### Data to process
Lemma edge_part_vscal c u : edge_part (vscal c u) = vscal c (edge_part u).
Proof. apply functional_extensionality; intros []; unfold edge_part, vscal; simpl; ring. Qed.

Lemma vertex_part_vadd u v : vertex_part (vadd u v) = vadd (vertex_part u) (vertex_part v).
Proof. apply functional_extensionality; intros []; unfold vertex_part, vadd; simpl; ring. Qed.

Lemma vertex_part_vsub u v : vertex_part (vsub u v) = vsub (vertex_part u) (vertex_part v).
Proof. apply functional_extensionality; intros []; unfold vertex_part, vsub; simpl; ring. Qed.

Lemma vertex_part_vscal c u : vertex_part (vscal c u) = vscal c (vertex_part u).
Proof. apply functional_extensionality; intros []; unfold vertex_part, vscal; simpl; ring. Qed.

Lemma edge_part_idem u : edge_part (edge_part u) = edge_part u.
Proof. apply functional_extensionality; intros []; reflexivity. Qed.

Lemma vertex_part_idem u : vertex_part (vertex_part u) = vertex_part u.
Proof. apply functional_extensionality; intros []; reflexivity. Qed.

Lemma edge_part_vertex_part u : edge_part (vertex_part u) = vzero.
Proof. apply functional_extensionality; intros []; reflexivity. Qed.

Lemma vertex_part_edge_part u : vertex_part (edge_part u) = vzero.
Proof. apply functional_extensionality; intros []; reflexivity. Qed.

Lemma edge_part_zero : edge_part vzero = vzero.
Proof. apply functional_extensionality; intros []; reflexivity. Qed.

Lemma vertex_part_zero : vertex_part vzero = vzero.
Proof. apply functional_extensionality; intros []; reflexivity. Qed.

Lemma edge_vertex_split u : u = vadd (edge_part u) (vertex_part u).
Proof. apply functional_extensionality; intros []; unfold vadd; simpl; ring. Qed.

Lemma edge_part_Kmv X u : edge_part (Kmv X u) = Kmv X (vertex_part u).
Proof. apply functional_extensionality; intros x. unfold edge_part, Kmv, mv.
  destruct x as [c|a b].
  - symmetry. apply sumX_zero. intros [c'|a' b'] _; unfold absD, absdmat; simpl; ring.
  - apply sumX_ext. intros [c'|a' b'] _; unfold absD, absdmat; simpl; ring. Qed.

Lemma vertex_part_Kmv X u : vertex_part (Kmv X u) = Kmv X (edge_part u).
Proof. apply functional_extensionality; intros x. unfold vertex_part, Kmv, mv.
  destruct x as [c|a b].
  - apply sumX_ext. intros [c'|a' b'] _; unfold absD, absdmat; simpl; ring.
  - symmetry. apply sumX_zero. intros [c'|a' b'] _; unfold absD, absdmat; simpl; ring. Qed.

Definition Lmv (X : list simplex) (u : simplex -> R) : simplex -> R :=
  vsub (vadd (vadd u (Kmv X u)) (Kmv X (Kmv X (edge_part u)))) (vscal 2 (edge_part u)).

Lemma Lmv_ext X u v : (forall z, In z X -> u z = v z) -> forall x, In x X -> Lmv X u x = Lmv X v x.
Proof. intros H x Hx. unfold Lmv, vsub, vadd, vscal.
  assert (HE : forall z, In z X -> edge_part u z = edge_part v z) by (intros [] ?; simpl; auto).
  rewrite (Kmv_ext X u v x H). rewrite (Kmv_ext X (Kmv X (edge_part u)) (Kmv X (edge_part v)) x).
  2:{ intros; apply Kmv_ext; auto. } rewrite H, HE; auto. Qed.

### Problem to solve
Copy down the entries exactly, leaving out no line.

### Task response
Lemma edge_part_vscal c u : edge_part (vscal c u) = vscal c (edge_part u).
Proof. apply functional_extensionality; intros []; unfold edge_part, vscal; simpl; ring. Qed.

Lemma vertex_part_vadd u v : vertex_part (vadd u v) = vadd (vertex_part u) (vertex_part v).
Proof. apply functional_extensionality; intros []; unfold vertex_part, vadd; simpl; ring. Qed.

Lemma vertex_part_vsub u v : vertex_part (vsub u v) = vsub (vertex_part u) (vertex_part v).
Proof. apply functional_extensionality; intros []; unfold vertex_part, vsub; simpl; ring. Qed.

Lemma vertex_part_vscal c u : vertex_part (vscal c u) = vscal c (vertex_part u).
Proof. apply functional_extensionality; intros []; unfold vertex_part, vscal; simpl; ring. Qed.

Lemma edge_part_idem u : edge_part (edge_part u) = edge_part u.
Proof. apply functional_extensionality; intros []; reflexivity. Qed.

Lemma vertex_part_idem u : vertex_part (vertex_part u) = vertex_part u.
Proof. apply functional_extensionality; intros []; reflexivity. Qed.

Lemma edge_part_vertex_part u : edge_part (vertex_part u) = vzero.
Proof. apply functional_extensionality; intros []; reflexivity. Qed.

Lemma vertex_part_edge_part u : vertex_part (edge_part u) = vzero.
Proof. apply functional_extensionality; intros []; reflexivity. Qed.

Lemma edge_part_zero : edge_part vzero = vzero.
Proof. apply functional_extensionality; intros []; reflexivity. Qed.

Lemma vertex_part_zero : vertex_part vzero = vzero.
Proof. apply functional_extensionality; intros []; reflexivity. Qed.

Lemma edge_vertex_split u : u = vadd (edge_part u) (vertex_part u).
Proof. apply functional_extensionality; intros []; unfold vadd; simpl; ring. Qed.

Lemma edge_part_Kmv X u : edge_part (Kmv X u) = Kmv X (vertex_part u).
Proof. apply functional_extensionality; intros x. unfold edge_part, Kmv, mv.
  destruct x as [c|a b].
  - symmetry. apply sumX_zero. intros [c'|a' b'] _; unfold absD, absdmat; simpl; ring.
  - apply sumX_ext. intros [c'|a' b'] _; unfold absD, absdmat; simpl; ring. Qed.

Lemma vertex_part_Kmv X u : vertex_part (Kmv X u) = Kmv X (edge_part u).
Proof. apply functional_extensionality; intros x. unfold vertex_part, Kmv, mv.
  destruct x as [c|a b].
  - apply sumX_ext. intros [c'|a' b'] _; unfold absD, absdmat; simpl; ring.
  - symmetry. apply sumX_zero. intros [c'|a' b'] _; unfold absD, absdmat; simpl; ring. Qed.

Definition Lmv (X : list simplex) (u : simplex -> R) : simplex -> R :=
  vsub (vadd (vadd u (Kmv X u)) (Kmv X (Kmv X (edge_part u)))) (vscal 2 (edge_part u)).

Lemma Lmv_ext X u v : (forall z, In z X -> u z = v z) -> forall x, In x X -> Lmv X u x = Lmv X v x.
Proof. intros H x Hx. unfold Lmv, vsub, vadd, vscal.
  assert (HE : forall z, In z X -> edge_part u z = edge_part v z) by (intros [] ?; simpl; auto).
  rewrite (Kmv_ext X u v x H). rewrite (Kmv_ext X (Kmv X (edge_part u)) (Kmv X (edge_part v)) x).
  2:{ intros; apply Kmv_ext; auto. } rewrite H, HE; auto. Qed.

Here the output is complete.